DESCRIPTION OF THE TASK: Only the stretch of the listing below that runs from the line with "by case/and5P=> [ca" through the line with "split=> [a b c d /induced_N_copy |" is to be printed, exactly and with both ends.

TASK INPUT:
(* Let $n$ be a positive integer, let $\mathcal F$ be an $\mathcal N$-saturated family of subsets of $[n]$, and let $A_1,\dots,A_k$ and $B_1,\dots,B_l$ be elements of $\mathcal F$, where $k,l\ge 1$. If $\bigcap_{i=1}^k A_i\notin\mathcal F$, then in every induced copy of $\mathcal N$ in $\mathcal F\cup\{\bigcap_{i=1}^k A_i\}$ that contains $\bigcap_{i=1}^k A_i$, this set is a minimal element of the copy; moreover there is such an induced copy in which $\bigcap_{i=1}^k A_i$ is the minimal element that is comparable to both maximal elements. Similarly, if $\bigcup_{i=1}^l B_i\notin\mathcal F$, then in every induced copy of $\mathcal N$ in $\mathcal F\cup\{\bigcup_{i=1}^l B_i\}$ containing $\bigcup_{i=1}^l B_i$, this set is a maximal element of the copy; moreover there is such an induced copy in which $\bigcup_{i=1}^l B_i$ is the maximal element that is comparable to both minimal elements.
   Context: The poset $\mathcal N$ has four elements $a,b,c,d$ with $a<c$, $b<c$, $b<d$ and no other comparabilities (so $a,b$ are its minimal elements, $c,d$ its maximal elements; $c$ is the unique maximal element comparable to both minimal elements and $b$ the unique minimal element comparable to both maximal elements). A family $\mathcal Q$ of sets (ordered by inclusion) contains an induced copy of $\mathcal N$ if there are distinct sets in $\mathcal Q$ whose inclusion relations are exactly those of $a,b,c,d$ above. A family $\mathcal F$ of subsets of $[n]=\{1,\dots,n\}$ is $\mathcal N$-saturated if $\mathcal F$ contains no induced copy of $\mathcal N$, but for every $S\subseteq[n]$ with $S\notin\mathcal F$, the family $\mathcal F\cup\{S\}$ contains an induced copy of $\mathcal N$. *)

From mathcomp Require Import all_boot.
Set Implicit Arguments. Unset Strict Implicit. Unset Printing Implicit Defensive.

(* (a,b,c,d) is an induced copy of N in Q: distinct members of Q whose
   inclusion relations are exactly a < c, b < c, b < d. *)
Definition induced_N (n : nat) (Q : {set {set 'I_n}}) (a b c d : {set 'I_n}) : Prop :=
  [/\ [&& a \in Q, b \in Q, c \in Q & d \in Q],
      uniq [:: a; b; c; d],
      [&& a \subset c, b \subset c & b \subset d] &
      [&& ~~ (c \subset a), ~~ (c \subset b), ~~ (d \subset b),
          ~~ (a \subset b), ~~ (b \subset a), ~~ (a \subset d),
          ~~ (d \subset a), ~~ (c \subset d) & ~~ (d \subset c)]].

Definition contains_N (n : nat) (Q : {set {set 'I_n}}) : Prop :=
  exists a b c d, induced_N Q a b c d.

Definition N_saturated (n : nat) (F : {set {set 'I_n}}) : Prop :=
  ~ contains_N F /\
  forall S : {set 'I_n}, S \notin F -> contains_N (S |: F).

From mathcomp Require Import all_boot.
Set Implicit Arguments. Unset Strict Implicit. Unset Printing Implicit Defensive.

(* Only reflexivity and transitivity of inclusion are used, and the poset N is
   self-dual, so a union is handled as an intersection for reverse inclusion.
   Both halves are thus one statement about a greatest lower bound m of
   members A_i of an N-free family Q.  If m were the maximal element c (resp. d)
   of an N-copy in m |: Q, some A_i would fail to lie above d (resp. above a),
   and replacing m by that A_i would give an N-copy inside Q.  Saturation yields
   a copy containing m, hence with m minimal; if m is in position a, pick A_i
   not above b: either A_i <= c and (A_i, b, c, d) is an N-copy in Q, or
   (b, m, c, A_i) is the required copy. *)

Definition N_shape (T : Type) (le : rel T) (a b c d : T) : Prop :=
  [/\ [/\ le a c, le b c & le b d],
      [/\ ~~ le c a, ~~ le c b, ~~ le d b, ~~ le a b & ~~ le b a] &
      [/\ ~~ le a d, ~~ le d a, ~~ le c d & ~~ le d c]].

Definition N_copy (T : finType) (le : rel T) (Q : {set T}) (a b c d : T) : Prop :=
  [/\ a \in Q, b \in Q, c \in Q, d \in Q & N_shape le a b c d].

Definition has_N_copy (T : finType) (le : rel T) (Q : {set T}) : Prop :=
  exists a b c d, N_copy le Q a b c d.

Lemma mem_setU1_neq (T : finType) (x y : T) (Q : {set T}) :
  x \in y |: Q -> y != x -> x \in Q.
Proof. by case/setU1P=> [->|//]; rewrite eqxx. Qed.

Section Flip.
Variables (T : finType) (le : rel T).
Let ge : rel T := fun x y => le y x.

Lemma N_shape_flip a b c d : N_shape le a b c d -> N_shape ge d c b a.
Proof. by case=> [[ac bc bd] [ca cb db ab ba] [ad da cd dc]]. Qed.

Lemma N_copy_flip Q a b c d : N_copy le Q a b c d -> N_copy ge Q d c b a.
Proof. by case=> Ma Mb Mc Md /N_shape_flip. Qed.

Lemma has_N_copy_flip Q : has_N_copy le Q -> has_N_copy ge Q.
Proof. by case=> a [b [c [d /N_copy_flip abcd]]]; exists d, c, b, a. Qed.
End Flip.

Section NCopies.
Variables (T : finType) (le : rel T).
Local Notation N_shape := (N_shape le).
Local Notation N_copy := (N_copy le).

Lemma N_copy_setU1 x Q a b c d :
  N_copy (x |: Q) a b c d -> x \notin [:: a; b; c; d] -> N_copy Q a b c d.
Proof.
case=> Ma Mb Mc Md shape; rewrite !inE !negb_or => /and4P[xa xb xc xd].
by split; rewrite ?(mem_setU1_neq Ma, mem_setU1_neq Mb, mem_setU1_neq Mc, mem_setU1_neq Md).
Qed.

Hypothesis le_refl : reflexive le.
Hypothesis le_trans : transitive le.

Lemma nle_neq x y : ~~ le x y -> x != y.
Proof. by apply: contraNneq => ->. Qed.

Lemma N_shape_uniq a b c d : N_shape a b c d -> uniq [:: a; b; c; d].
Proof.
case=> _ [ca cb db ab _] [ad _ cd _].
rewrite /= !inE !negb_or (eq_sym a c) (eq_sym b c) (eq_sym b d).
by rewrite !nle_neq.
Qed.

Lemma nle_le_l x y z : le x y -> ~~ le x z -> ~~ le y z.
Proof. by move=> xy; apply: contra; apply: le_trans. Qed.

Lemma nle_le_r x y z : le y z -> ~~ le x z -> ~~ le x y.
Proof. by move=> yz; apply: contra => /le_trans; apply. Qed.

Lemma N_shape_raise_a a b c d a' :
  N_shape a b c d -> le a a' -> le a' c -> ~~ le b a' -> N_shape a' b c d.
Proof.
case=> [[ac bc bd] [ca cb db ab ba] [ad da cd dc]] aa' a'c ba'.
split; split=> //.
- exact: nle_le_l bc ba'.
- exact: nle_le_l aa' ab.
- exact: nle_le_l aa' ad.
- exact: nle_le_r a'c dc.
Qed.

Lemma N_shape_raise_c a b c d c' :
  N_shape a b c d -> le c c' -> ~~ le d c' -> N_shape a b c' d.
Proof.
case=> [[ac bc bd] [ca cb db ab ba] [ad da cd dc]] cc' dc'.
split; split=> //.
- exact: le_trans cc'.
- exact: le_trans cc'.
- exact: nle_le_l cc' ca.
- exact: nle_le_l cc' cb.
- exact: nle_le_l cc' cd.
Qed.

Lemma N_shape_raise_d a b c d d' :
  N_shape a b c d -> le d d' -> ~~ le a d' -> N_shape a b c d'.
Proof.
case=> [[ac bc bd] [ca cb db ab ba] [ad da cd dc]] dd' ad'.
split; split=> //.
- exact: le_trans dd'.
- exact: nle_le_l dd' db.
- exact: nle_le_l dd' da.
- exact: nle_le_l ac ad'.
- exact: nle_le_l dd' dc.
Qed.

Lemma N_shape_swap_minimal a b c d e :
  N_shape a b c d -> le a e -> ~~ le b e -> ~~ le e c -> N_shape b a c e.
Proof.
case=> [[ac bc bd] [ca cb db ab ba] [ad da cd dc]] ae be ec.
split; split=> //.
- exact: nle_le_r ac ec.
- exact: nle_le_l ae ab.
- exact: nle_le_l bc be.
Qed.

Variables (Q : {set T}) (I : finType) (A : I -> T) (m : T).
Hypothesis Q_N_free : ~ has_N_copy le Q.
Hypothesis A_in_Q : forall i, A i \in Q.
Hypothesis m_le_A : forall i, le m (A i).
Hypothesis m_greatest : forall x, (forall i, le x (A i)) -> le x m.

Lemma exists_nle_of_nle_meet x : ~~ le x m -> exists i, ~~ le x (A i).
Proof.
by move=> xm; apply/forallPn; apply: contra xm => /forallP; apply: m_greatest.
Qed.

Lemma meet_N_copy_not_c a b d : ~ N_copy (m |: Q) a b m d.
Proof.
case=> Ma Mb _ Md shape; case: (shape) => _ [ma mb _ _ _] [_ _ md dm].
have [i di] := exists_nle_of_nle_meet dm.
case: Q_N_free; exists a, b, (A i), d; split.
- exact: mem_setU1_neq Ma (nle_neq ma).
- exact: mem_setU1_neq Mb (nle_neq mb).
- exact: A_in_Q.
- exact: mem_setU1_neq Md (nle_neq md).
- exact: N_shape_raise_c shape (m_le_A i) di.
Qed.

Lemma meet_N_copy_not_d a b c : ~ N_copy (m |: Q) a b c m.
Proof.
case=> Ma Mb Mc _ shape; case: (shape) => _ [_ _ mb _ _] [am ma _ mc].
have [i ai] := exists_nle_of_nle_meet am.
case: Q_N_free; exists a, b, c, (A i); split.
- exact: mem_setU1_neq Ma (nle_neq ma).
- exact: mem_setU1_neq Mb (nle_neq mb).
- exact: mem_setU1_neq Mc (nle_neq mc).
- exact: A_in_Q.
- exact: N_shape_raise_d shape (m_le_A i) ai.
Qed.

Lemma meet_N_copy_minimal a b c d :
  N_copy (m |: Q) a b c d -> m \in [:: a; b; c; d] -> m \in [:: a; b].
Proof.
move=> copy /[!inE] /or4P[/eqP ->|/eqP ->|/eqP mc|/eqP md]; rewrite ?eqxx ?orbT //.
  by rewrite -mc in copy; case: (meet_N_copy_not_c copy).
by rewrite -md in copy; case: (meet_N_copy_not_d copy).
Qed.

Lemma meet_N_copy_swap b c d :
  N_copy (m |: Q) m b c d -> exists e, N_copy (m |: Q) b m c e.
Proof.
case=> _ Mb Mc Md shape; case: (shape) => _ [cm _ _ mb bm] [md _ _ _].
have [i bi] := exists_nle_of_nle_meet bm.
have [Aic|nAic] := boolP (le (A i) c).
  case: Q_N_free; exists (A i), b, c, d; split.
  - exact: A_in_Q.
  - exact: mem_setU1_neq Mb (nle_neq mb).
  - by apply: (mem_setU1_neq Mc); rewrite eq_sym nle_neq.
  - exact: mem_setU1_neq Md (nle_neq md).
  - exact: N_shape_raise_a shape (m_le_A i) Aic bi.
exists (A i); split=> //.
- exact: setU11.
- by apply/setU1r/A_in_Q.
- exact: N_shape_swap_minimal shape (m_le_A i) bi nAic.
Qed.

Lemma meet_N_copy_center :
  has_N_copy le (m |: Q) -> exists a c d, N_copy (m |: Q) a m c d.
Proof.
case=> a [b [c [d copy]]].
have [m_in|m_notin] := boolP (m \in [:: a; b; c; d]); last first.
  by case: Q_N_free; exists a, b, c, d; apply: N_copy_setU1 copy m_notin.
move: (meet_N_copy_minimal copy m_in) => /[!inE] /orP[/eqP ma|/eqP mb].
  rewrite -ma in copy; have [e copy'] := meet_N_copy_swap copy.
  by exists b, c, e.
by rewrite -mb in copy; exists a, c, d.
Qed.
End NCopies.

Section SubsetFamilies.
Variable n : nat.
Implicit Types (F Q : {set {set 'I_n}}) (a b c d : {set 'I_n}).

Definition subset_rel : rel {set 'I_n} := fun X Y => X \subset Y.
Definition supset_rel : rel {set 'I_n} := fun X Y => Y \subset X.

Lemma subset_rel_refl : reflexive subset_rel.
Proof. exact: subxx. Qed.

Lemma subset_rel_trans : transitive subset_rel.
Proof. by move=> Y X Z; apply: subset_trans. Qed.

Lemma supset_rel_refl : reflexive supset_rel.
Proof. exact: subxx. Qed.

Lemma supset_rel_trans : transitive supset_rel.
Proof. by move=> Y X Z XY YZ; apply: subset_trans YZ XY. Qed.

Lemma induced_N_copy Q a b c d : induced_N Q a b c d <-> N_copy subset_rel Q a b c d.
Proof.
split.
  case=> /and4P[Ma Mb Mc Md] _ /and3P[ac bc bd].
  by case/and5P=> [ca cb db ab /and5P[ba ad da cd dc]].
case=> Ma Mb Mc Md shape; have := N_shape_uniq subset_rel_refl shape.
case: shape => [[ac bc bd] [ca cb db ab ba] [ad da cd dc]] abcd.
split; [exact/and4P | by [] | exact/and3P | ].
by apply/and5P; split=> //; apply/and5P.
Qed.

Lemma contains_N_copy Q : contains_N Q <-> has_N_copy subset_rel Q.
Proof.
by split=> -[a [b [c [d /induced_N_copy abcd]]]]; exists a, b, c, d.
Qed.

Lemma bigcap_N_saturated F (I : finType) (A : I -> {set 'I_n}) :
    N_saturated F -> (forall i, A i \in F) -> \bigcap_i A i \notin F ->
  (forall a b c d, induced_N (\bigcap_i A i |: F) a b c d ->
     \bigcap_i A i \in [:: a; b; c; d] -> \bigcap_i A i \in [:: a; b]) /\
  (exists a c d, induced_N (\bigcap_i A i |: F) a (\bigcap_i A i) c d).
Proof.
move=> [F_free F_sat] A_in cap_notin.
have free : ~ has_N_copy subset_rel F by move/contains_N_copy.
have cap_le i : subset_rel (\bigcap_i A i) (A i) by apply: bigcap_inf.
have cap_greatest X : (forall i, subset_rel X (A i)) -> subset_rel X (\bigcap_i A i).
  by move=> XA; apply/bigcapsP=> i _; apply: XA.
have minimal := meet_N_copy_minimal subset_rel_refl subset_rel_trans
  free A_in cap_le cap_greatest.
have center := meet_N_copy_center subset_rel_refl subset_rel_trans
  free A_in cap_le cap_greatest.
split=> [a b c d /induced_N_copy | ]; first exact: minimal.
have /contains_N_copy/center[a [c [d /induced_N_copy copy]]] := F_sat _ cap_notin.
by exists a, c, d.
Qed.

Lemma bigcup_N_saturated F (I : finType) (B : I -> {set 'I_n}) :
    N_saturated F -> (forall i, B i \in F) -> \bigcup_i B i \notin F ->
  (forall a b c d, induced_N (\bigcup_i B i |: F) a b c d ->
     \bigcup_i B i \in [:: a; b; c; d] -> \bigcup_i B i \in [:: c; d]) /\
  (exists a b d, induced_N (\bigcup_i B i |: F) a b (\bigcup_i B i) d).
Proof.
move=> [F_free F_sat] B_in cup_notin.
have free : ~ has_N_copy supset_rel F by move/has_N_copy_flip/contains_N_copy.
have cup_le i : supset_rel (\bigcup_i B i) (B i) by apply: bigcup_sup.
have cup_greatest X : (forall i, supset_rel X (B i)) -> supset_rel X (\bigcup_i B i).
  by move=> BX; apply/bigcupsP=> i _; apply: BX.
have minimal := meet_N_copy_minimal supset_rel_refl supset_rel_trans
  free B_in cup_le cup_greatest.
have center := meet_N_copy_center supset_rel_refl supset_rel_trans
  free B_in cup_le cup_greatest.
split=> [a b c d /induced_N_copy/N_copy_flip/minimal | ].
  rewrite -[[:: d; c; b; a]]/(rev [:: a; b; c; d]) -[[:: d; c]]/(rev [:: c; d]).
  by rewrite !mem_rev.
have /contains_N_copy/has_N_copy_flip/center[a [c [d /N_copy_flip copy]]] :=
  F_sat _ cup_notin.
by exists d, c, a; apply/induced_N_copy.
Qed.

End SubsetFamilies.

Theorem lemma2p2 (n : nat) (F : {set {set 'I_n}}) (k l : nat)
    (A : 'I_k -> {set 'I_n}) (B : 'I_l -> {set 'I_n}) :
  0 < n -> N_saturated F -> 0 < k -> 0 < l ->
  (forall i, A i \in F) -> (forall j, B j \in F) ->
  ((\bigcap_(i < k) A i) \notin F ->
     (forall a b c d, induced_N ((\bigcap_(i < k) A i) |: F) a b c d ->
        (\bigcap_(i < k) A i) \in [:: a; b; c; d] ->
        (\bigcap_(i < k) A i) \in [:: a; b]) /\
     (exists a c d, induced_N ((\bigcap_(i < k) A i) |: F) a (\bigcap_(i < k) A i) c d)) /\
  ((\bigcup_(j < l) B j) \notin F ->
     (forall a b c d, induced_N ((\bigcup_(j < l) B j) |: F) a b c d ->
        (\bigcup_(j < l) B j) \in [:: a; b; c; d] ->
        (\bigcup_(j < l) B j) \in [:: c; d]) /\
     (exists a b d, induced_N ((\bigcup_(j < l) B j) |: F) a b (\bigcup_(j < l) B j) d)).
Proof.
move=> _ F_sat _ _ A_in B_in.
by split; [apply: bigcap_N_saturated | apply: bigcup_N_saturated].
Qed.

EXERCISE ANSWER:
  by case/and5P=> [ca cb db ab /and5P[ba ad da cd dc]].
case=> Ma Mb Mc Md shape; have := N_shape_uniq subset_rel_refl shape.
case: shape => [[ac bc bd] [ca cb db ab ba] [ad da cd dc]] abcd.
split; [exact/and4P | by [] | exact/and3P | ].
by apply/and5P; split=> //; apply/and5P.
Qed.

Lemma contains_N_copy Q : contains_N Q <-> has_N_copy subset_rel Q.
Proof.
by split=> -[a [b [c [d /induced_N_copy abcd]]]]; exists a, b, c, d.
Qed.

Lemma bigcap_N_saturated F (I : finType) (A : I -> {set 'I_n}) :
    N_saturated F -> (forall i, A i \in F) -> \bigcap_i A i \notin F ->
  (forall a b c d, induced_N (\bigcap_i A i |: F) a b c d ->
     \bigcap_i A i \in [:: a; b; c; d] -> \bigcap_i A i \in [:: a; b]) /\
  (exists a c d, induced_N (\bigcap_i A i |: F) a (\bigcap_i A i) c d).
Proof.
move=> [F_free F_sat] A_in cap_notin.
have free : ~ has_N_copy subset_rel F by move/contains_N_copy.
have cap_le i : subset_rel (\bigcap_i A i) (A i) by apply: bigcap_inf.
have cap_greatest X : (forall i, subset_rel X (A i)) -> subset_rel X (\bigcap_i A i).
  by move=> XA; apply/bigcapsP=> i _; apply: XA.
have minimal := meet_N_copy_minimal subset_rel_refl subset_rel_trans
  free A_in cap_le cap_greatest.
have center := meet_N_copy_center subset_rel_refl subset_rel_trans
  free A_in cap_le cap_greatest.
split=> [a b c d /induced_N_copy | ]; first exact: minimal.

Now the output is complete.